“Three brothers tear their way through childhood -smashing tomatoes all over each other,
building kites from trash, hiding out when their parents do battle, tiptoeing
around the house as their mother sleeps off her graveyard shift. Paps and Ma
are from Brooklyn -he’s Puerto Rican, she’s white- and their love is a serious,
dangerous thing that makes and unmakes a family many times. Life in this family
is fierce and absorbing, full of chaos and heartbreak and the euphoria of
belonging completely to one another.”
Justin Torres autobiographical novel is often brutal,
sad, and a kick in the balls for its no-holds bar look at a family in who can
be lovable, but seem unable to break the cycle of despair. It’s also coming of
story about three very close brothers who know that while life is bleak, as
long as they have each other, things seem to work out. That even as their
parents argue and Paps vanishes for long stretches of time, they’re animals
that somehow survive. The book almost comes off as a fever dream, with each
chapter a sort of self-contained short story, a snapshot of their lives as the
slowly age. Torres prose is searing and leaps off the page.
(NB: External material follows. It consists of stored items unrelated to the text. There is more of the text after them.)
(* The proof compares three numerical invariants.
   1. Bruhat rank criterion (for any m).  For a permutation u of 'I_m let
      r_u(p, q) = #{k < p | q <= u k}.  If r_u <= r_v pointwise, then
      u <= v: while u <> v, swapping u at its first disagreement a with the
      first later position b whose value lies in (u a, v a] is a Bruhat step
      (the inversion count grows) that keeps r_u <= r_v and strictly
      increases the total rank, which is bounded by that of v.
   2. Rank of sigma_D.  sigma_D is a product of disjoint transpositions of
      the positions 2j < 2i - 1, one per rook (i, j); each adds the
      indicator of a square to the rank function, and the number of squares
      containing (p, q) is the number of rooks of D in a south-west corner
      {rows >= i, columns <= j} with j < i determined by (p, q).
   3. Geometry.  A corner minor larger than the number of rooks of D' in
      that corner vanishes on Omega_D' (it factors through those rooks, as
      b and b^-1 are upper triangular) and is a polynomial in the entries,
      whereas the minor of f_D on the rooks of D in the corner equals 1.
      Hence the closure hypothesis gives corner-count domination.
   The theorem chains 3, 2 and 1; no assumption on the field is needed. *)

Lemma ltn_sum_pointwise (I : finType) (f g : I -> nat) (j : I) :
  (forall i, f i <= g i) -> f j < g j -> \sum_i f i < \sum_i g i.
Proof.
move=> fg fgj; rewrite (bigD1 j) // [X in _ < X](bigD1 j) //=.
by rewrite -addSn leq_add // leq_sum.
Qed.
(* Finitely many contexts, one per realised context type, determine the
   syntactic class of a word: L is regular. *)
Lemma nfa_context_basis : exists P, forall v w,
  profile (nfa_lang N) P v = profile (nfa_lang N) P w -> syn_equiv (nfa_lang N) v w.
Proof.
pose pick_ctx k := epsilon (inhabits ([::], [::])) (fun c => context_type c = k).
exists [seq pick_ctx k | k <- enum [set: {set Q} * {set Q}]] => v w /esym/eq_in_map pvw x y.
pose c := pick_ctx (context_type (x, y)).
have c_type : context_type c = context_type (x, y).
  by apply: (epsilon_spec (inhabits ([::], [::])) (fun c => context_type c = _)); exists (x, y).
have := pvw c (map_f _ _); rewrite mem_enum inE => /(_ isT).
by rewrite !(nfa_lang_context_type c) !(nfa_lang_context_type (x, y)) c_type => ->.
Qed.

Lemma subatomic_iff_syn_right :
  subatomic N <-> forall v w, syn_equiv (nfa_lang N) v w -> right_equiv v w.
Proof.
split => [sub v w vw q y | syn_right q].
  exact: BLRQ_saturated (sub q) (syn_equiv_catr y vw).
have [P basis] := nfa_context_basis.
apply: saturated_in_BLRQ basis _ => v w /syn_right /(_ q [::]).
by rewrite !cats0.
Qed.

Definition rev_trans (w : seq Sigma) := @rsc_trans _ _ (rev_nfa N) w.

Lemma rev_trans_eq v w : rev_trans v = rev_trans w <-> right_equiv (rev v) (rev w).
Proof.
split => [vw q y | vw].
  pose X : rsc_state (rev_nfa N) := exist _ _ (ex_intro _ (rev y) erefl).
  have := congr1 (fun t => proj1_sig (t X)) vw; rewrite /= -!steps_cat.
  by move/setP/(_ q); rewrite !mem_rev_steps !rev_cat revK.
apply: functional_extensionality => -[X [u X_u]]; apply: sig_eq => /=.
apply/setP => q; rewrite X_u -!steps_cat !mem_rev_steps !rev_cat.
exact: vw q (rev u).
Qed.

Lemma rev_trans_ker_sub_syn : ker_sub rev_trans (syn_ctx (rev_lang (nfa_lang N))).
Proof. by move=> v w /rev_trans_eq /right_equiv_syn /syn_ctx_rev_eq. Qed.

Lemma subatomic_iff_ker_sub :
  subatomic N <-> ker_sub (syn_ctx (rev_lang (nfa_lang N))) rev_trans.
Proof.
rewrite subatomic_iff_syn_right; split => [syn_right v w | ker v w].
  by move/syn_ctx_rev_eq/syn_right/rev_trans_eq.
rewrite -(revK v) -(revK w) => /syn_ctx_rev_eq/ker/rev_trans_eq.
by rewrite !revK.
Qed.

(* The transition monoid of rsc(N^r) is finite: an element is determined by
   its action on all subsets of states. *)
Definition rev_trans_code (t : wq_car rev_trans) : {ffun {set Q} -> {set Q}} :=
  [ffun X => steps (rev_nfa N) (wq_rep t) X].

Lemma rev_trans_code_inj : injective rev_trans_code.
Proof.
move=> s t st; rewrite -(wq_elt_rep s) -(wq_elt_rep t); apply: wq_elt_eq.
apply: functional_extensionality => X; apply: sig_eq => /=.
by have /ffunP/(_ (proj1_sig X)) := st; rewrite !ffunE.
Qed.

End Automaton.

Theorem theorem4p12 (Sigma Q : finType) (N : nfa Sigma Q) :
  subatomic N <->
  monoid_iso (rsc_transition_monoid (rev_nfa N))
             (syntactic_monoid (rev_lang (nfa_lang N))).
Proof.
rewrite subatomic_iff_ker_sub; split => [ker | iso].
  exact: wq_iso (@rev_trans_ker_sub_syn _ _ N) ker (@syn_ctx_congruence _ _).
exact: wq_iso_ker_sub (@rev_trans_code_inj _ _ N) (@rev_trans_ker_sub_syn _ _ N) iso.
Qed.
However, this short novel (125 pages) does have a flawed
moment, which comes near the end. While Jonah’s two brothers and father seem to
hint that the youngest sibling is “different” it’s never alluded to by the boy,
who is recounting the story (and who is Torres). But Jonah’s sexual awakening
seems a bit convoluted and even out of place in the narrative –as does the part
where he mentions he’s been keeping a journal (like when did this happen?).
My understanding is that while the novel takes place over
a few years, the movie version out now takes place over a smaller time period (and
where Jonah is 10, while in the book he is eight), so I’m curious how the films
narrative will incorporate Jonah’s sexuality.
A good first novel, if not a bit isolating.